How Diet Plays an Important Role?
Pregnancy is the most memorable time for every woman. During this time, you need to take a lot of care of yourself because what you eat directly affects the baby. It can also be understood that the child gets their nutrition from whatever they eat. Therefore, you are advised to eat food rich in nutrition and health. This keeps both mother and child health. But, as we have already been told that this is the most memorable time of their life for every woman, this time is also full of complications. Actually, many women do not understand what they should eat during pregnancy and what not. Due to a lack of information, people often eat such things, which can cause harm. Because in the early days of pregnancy, many people do not know about it, and those who do know are confused. In this blog, we will discuss the first month pregnancy food chart.
Common Pregnancy Symptoms in First Month Pregnant
You might not experience many, if any, symptoms at one month pregnant. However, certain early pregnancy indicators can include:
- Missing Period
- Mood Swings
- Frequent urination
- Sore or tender breasts
- Food Aversions
What is to be done during these symptoms?
During all this, the first month pregnancy food chart plays a vital role in the primary health of your child’s health. The goal of nutrition is to provide your body with the nutrients it needs by eating a healthy, balanced diet. Our bodies require nutrients from food to function and flourish.
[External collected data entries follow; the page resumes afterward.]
Lemma comp_mxsubstM p M N : p \mPo mxsubst M \mPo mxsubst N = p \mPo mxsubst (N *m M).
Proof.
rewrite comp_mpolyA; congr comp_mpoly; apply: eq_from_tnth => j.
by rewrite !tnth_mktuple comp_lform_mxsubst !colE mulmxA.
Qed.

Lemma comp_mxsubst1 p : p \mPo mxsubst 1%:M = p.
Proof.
rewrite -[RHS]comp_mpoly_id; congr comp_mpoly; apply: eq_from_tnth => j.
rewrite !tnth_mktuple /lform (bigD1 j) //= !mxE eqxx scale1r big1 ?addr0 //.
by move=> i ij; rewrite !mxE (negPf ij) scale0r.
Qed.

Lemma comp_mxsubstK p M : M \in unitmx -> p \mPo mxsubst M \mPo mxsubst (invmx M) = p.
Proof. by move=> Mu; rewrite comp_mxsubstM mulVmx // comp_mxsubst1. Qed.

Lemma mxsubst_dhomog p M d : p \is d.-homog -> p \mPo mxsubst M \is d.-homog.
Proof. by apply: comp_mpoly_dhomog => j; rewrite tnth_mktuple lform_dhomog. Qed.

Lemma meval_mxsubst p M (x : 'rV[R]_n) :
  (p \mPo mxsubst M).@[fun i => x 0 i] = p.@[fun j => (x *m M) 0 j].
Proof.
rewrite comp_mpoly_meval; apply: meval_eq => j.
rewrite tnth_mktuple /lform raddf_sum mxE; apply: eq_bigr => i _ /=.
by rewrite mevalZ mevalXU !mxE mulrC.
Qed.

End LinearSubstitution.

Lemma big_ord2 (T : Type) (idx : T) (op : Monoid.law idx) (F : 'I_2 -> T) :
  \big[op/idx]_(i < 2) F i = op (F 0) (F 1).
Proof.
rewrite !big_ord_recl big_ord0 Monoid.mulm1.
by congr (op (F _) (F _)); apply: val_inj.
Qed.

Lemma big_ord3 (T : Type) (idx : T) (op : Monoid.law idx) (F : 'I_3 -> T) :
  \big[op/idx]_(i < 3) F i = op (F 0) (op (F 1) (F 2)).
Proof.
rewrite !big_ord_recl big_ord0 Monoid.mulm1.
by congr (op (F _) (op (F _) (F _))); apply: val_inj.
Qed.

Lemma mdeg2 (e : 'X_{1..2}) : mdeg e = (e 0%R + e 1%R)%N.
Proof. by rewrite mdegE big_ord2. Qed.

Lemma mdeg3 (m : 'X_{1..3}) : mdeg m = (m 0%R + (m 1%R + m 2%R))%N.
Proof. by rewrite mdegE big_ord3. Qed.

Lemma mnm3_eq (m m' : 'X_{1..3}) :
  mdeg m = mdeg m' -> m 1%R = m' 1%R -> m 2%R = m' 2%R -> m = m'.
Proof.
rewrite !mdeg3 => dmm' m1 m2; have m0 : m 0%R = m' 0%R by lia.
apply/mnmP => -[[|[|[|//]]] i3].
- by rewrite (_ : Ordinal i3 = 0%R) //; apply: val_inj.
- by rewrite (_ : Ordinal i3 = 1%R) //; apply: val_inj.
- by rewrite (_ : Ordinal i3 = 2%R) //; apply: val_inj.
Qed.

Section LinearAlgebra.
Variable C : fieldType.
Implicit Types a u v w x : 'rV[C]_3.

Lemma nz_kernel_col m n (A : 'M[C]_(m, n)) : (\rank A < n)%N ->
  exists2 c : 'cV_n, c != 0 & A *m c = 0.
Proof.
set K := kermx A^T => rA; have K0 : K != 0.
  by rewrite -mxrank_eq0 mxrank_ker mxrank_tr subn_eq0 -ltnNge.
exists (nz_row K)^T; first by rewrite trmx_eq0 nz_row_eq0.
apply: trmx_inj; rewrite trmx_mul trmxK trmx0; apply/sub_kermxP; exact: nz_row_sub.
Qed.

Lemma mx3_col a u w : mx3 a u w = col_mx a (col_mx u w).
Proof.
apply/matrixP => i j; rewrite !mxE; case: splitP => k /= ->; first by rewrite (ord1 k).
by rewrite mxE; case: splitP => l /= ->; rewrite (ord1 l).
Qed.

Lemma mx3_eqmx a u w : (mx3 a u w :=: a + (u + w))%MS.
Proof.
rewrite mx3_col; apply: eqmx_sym.
exact: eqmx_trans (adds_eqmx (eqmx_refl a) (addsmxE u w)) (addsmxE _ _).
Qed.

Lemma indep2E a v : indep2 a v = (\rank (a + v)%MS == 2%N).
Proof. by rewrite /indep2 addsmxE. Qed.

Lemma basis3E a u w : basis3 a u w = (\rank (a + (u + w))%MS == 3%N).
Proof. by rewrite /basis3 -unitfE -unitmxE -row_full_unit /row_full mx3_eqmx. Qed.

Lemma rank_span_eq2 a u v : indep2 a v ->
  \rank (a + (u + v))%MS = 2%N <-> (u <= a + v)%MS.
Proof.
rewrite indep2E => /eqP rav.
have av_sub : (a + v <= u + (a + v))%MS by rewrite addsmxSr.
rewrite addsmxA (addsmxC a u) -addsmxA.
have [_] := mxrank_leqif_sup av_sub; rewrite rav addsmx_sub submx_refl andbT => <-.
by rewrite eq_sym; split=> /eqP.
Qed.

Lemma same_pt_OnE a u v : indep2 a v ->
  same_pt a (OnE u) (OnE v) <-> (u <= a + v)%MS.
Proof. by move=> av; rewrite /= -mx3_col mx3_eqmx; apply: rank_span_eq2. Qed.

Lemma row_mul_mx3 x a u w : x *m mx3 a u w = x 0 0 *: a + x 0 1 *: u + x 0 2 *: w.
Proof. by apply/rowP => j; rewrite !mxE big_ord3 /= addrA !mxE. Qed.

Lemma basis3_ext a u : indep2 a u -> exists w, basis3 a u w.
Proof.
rewrite indep2E => /eqP rau; set w := nz_row (a + u)^C%MS; exists w.
have w_nz : w != 0.
  by rewrite nz_row_eq0 -mxrank_eq0 mxrank_compl rau.
have cap0 : ((a + u) :&: w)%MS = 0.
  apply/eqP; rewrite -submx0 -(capmx_compl (a + u)%MS).
  by apply: capmxS => //; apply: nz_row_sub.
by rewrite basis3E addsmxA mxrank_disjoint_sum // rau rank_rV w_nz.
Qed.

End LinearAlgebra.

Section Charts.
Variable C : fieldType.
Implicit Types (F G : {mpoly C[3]}) (m : 'X_{1..3}) (a p u v w : 'rV[C]_3).

Definition affine_chart : 3.-tuple {mpoly C[2]} := [tuple 1; 'X_0; 'X_1].
Definition blowup_chart : 3.-tuple {mpoly C[2]} := [tuple 1; 'X_0; 'X_0 * 'X_1].

Lemma tnth_mxsubst_mx3 a u w j :
  tnth (mxsubst (mx3 a u w)) j = a 0 j *: 'X_0 + u 0 j *: 'X_1 + w 0 j *: 'X_2.
Proof. by rewrite tnth_mktuple /lform big_ord3 /= addrA !mxE. Qed.

Lemma affine_subE F p u w :
  affine_sub F p u w = F \mPo mxsubst (mx3 p u w) \mPo affine_chart.
Proof.
rewrite comp_mpolyA; congr comp_mpoly; apply: eq_from_tnth => j.
rewrite [RHS]tnth_mktuple tnth_mxsubst_mx3 tnth_mktuple !raddfD /=.
by rewrite !comp_mpolyZ !comp_mpolyXU /= alg_mpolyC !mul_mpolyC.
Qed.

Lemma blowup_subE F a v w :
  blowup_sub F a v w = F \mPo mxsubst (mx3 a v w) \mPo blowup_chart.
Proof.
rewrite comp_mpolyA; congr comp_mpoly; apply: eq_from_tnth => j.
rewrite [RHS]tnth_mktuple tnth_mxsubst_mx3 tnth_mktuple !raddfD /=.
by rewrite !comp_mpolyZ !comp_mpolyXU /= alg_mpolyC !mul_mpolyC.
Qed.

Definition affine_mnm m : 'X_{1..2} := [multinom [tuple m 1%R; m 2%R]].
Definition blowup_mnm m : 'X_{1..2} := [multinom [tuple m 1%R + m 2%R; m 2%R]%N].

Lemma affine_chartX m : 'X_[m] \mPo affine_chart = 'X_[affine_mnm m].
Proof.
rewrite comp_mpolyX big_ord3 [RHS]mpolyXE_id !big_ord_recl big_ord0 /=.
by rewrite expr1n mul1r mulr1.
Qed.

Lemma blowup_chartX m : 'X_[m] \mPo blowup_chart = 'X_[blowup_mnm m].
Proof.
rewrite comp_mpolyX big_ord3 [RHS]mpolyXE_id !big_ord_recl big_ord0 /=.
by rewrite expr1n mul1r mulr1 exprMn exprD mulrA.
Qed.



Lemma affine_mnm0 m : affine_mnm m 0%R = m 1%R. Proof. by []. Qed.
Lemma affine_mnm1 m : affine_mnm m 1%R = m 2%R. Proof. by []. Qed.
Lemma blowup_mnm0 m : blowup_mnm m 0%R = (m 1%R + m 2%R)%N. Proof. by []. Qed.
Lemma blowup_mnm1 m : blowup_mnm m 1%R = m 2%R. Proof. by []. Qed.

Lemma mdeg_affine_mnm m : mdeg (affine_mnm m) = (m 1%R + m 2%R)%N.
Proof. by rewrite mdeg2. Qed.

Lemma mdeg_blowup_mnm m : mdeg (blowup_mnm m) = (m 1%R + m 2%R + m 2%R)%N.
Proof. by rewrite mdeg2. Qed.

Lemma mcoeff_affine_chart G d m : G \is d.-homog -> m \in msupp G ->
  (G \mPo affine_chart)@_(affine_mnm m) = G@_m.
Proof.
move=> /dhomogP Gd; apply: mcoeff_comp_mpoly_monomial; first exact: affine_chartX.
move=> x y xG yG /mnmP xy; apply: mnm3_eq; first by rewrite /= !Gd.
  by have := xy 0%R; rewrite !affine_mnm0.
by have := xy 1%R; rewrite !affine_mnm1.
Qed.

Lemma mcoeff_blowup_chart G d m : G \is d.-homog -> m \in msupp G ->
  (G \mPo blowup_chart)@_(blowup_mnm m) = G@_m.
Proof.
move=> /dhomogP Gd; apply: mcoeff_comp_mpoly_monomial; first exact: blowup_chartX.
move=> x y xG yG /mnmP xy; have := xy 0%R; have := xy 1%R.
rewrite !blowup_mnm0 !blowup_mnm1 => x2; rewrite x2 => /addIn x1.
by apply: mnm3_eq; rewrite // /= !Gd.
Qed.

Lemma unit_mx3 a u w : basis3 a u w -> mx3 a u w \in unitmx.
Proof. by rewrite unitmxE unitfE. Qed.

Lemma homog_degP F d : homog_deg F d <-> F \is d.-homog.
Proof.
split=> [Fd | /dhomogP Fd e]; first by apply/dhomogP => m; rewrite mcoeff_msupp => /Fd.
by rewrite -mcoeff_msupp => /Fd.
Qed.

Lemma pmult_gt_deg_eq0 F p d k : homog_deg F d -> (d < k)%N -> pmult_ge F p k -> F = 0.
Proof.
move=> /homog_degP Fd dk [u [w [puw mult]]].
set G := F \mPo mxsubst (mx3 p u w).
have Gd : G \is d.-homog := mxsubst_dhomog _ Fd.
suff G0 : G = 0 by rewrite -(comp_mxsubstK F (unit_mx3 puw)) -/G G0 comp_mpoly0.
apply/mpolyP => m; rewrite mcoeff0; apply/eqP; apply: contraT => Gm.
have mG : m \in msupp G by rewrite mcoeff_msupp.
have := mult (affine_mnm m); rewrite affine_subE -/G (mcoeff_affine_chart Gd mG).
move=> /(_ Gm); rewrite -mdeg2 mdeg_affine_mnm.
by have := dhomogP _ _ _ Gd m mG; rewrite /= mdeg3; lia.
Qed.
They consist of water, vitamins, minerals, proteins, lipids, and carbohydrates.
12 Foods to include in your 1st Month of Pregnancy Diet Chart
Only about two and a half weeks into pregnancy do you start to feel the effects of being pregnant. As a result, you must adhere to a particular diet strategy which is a first month of pregnancy diet chart.
Food List to be followed during the First Month of Pregnancy
1. Dairy Products
Dairy products are an excellent source of calcium, vitamin D, protein, healthy fats, and folic acid, especially fortified varieties. Yogurt and milk are excellent sources of these nutrients, so include them in the first month pregnancy food chart.
2. Foods High in Folate
Folic acid aids in the formation of the neural tube in the early stages of fetal development. Folic acid is crucial because it can prevent serious birth malformations of the baby’s spine and brain (anencephaly) (spina bifida).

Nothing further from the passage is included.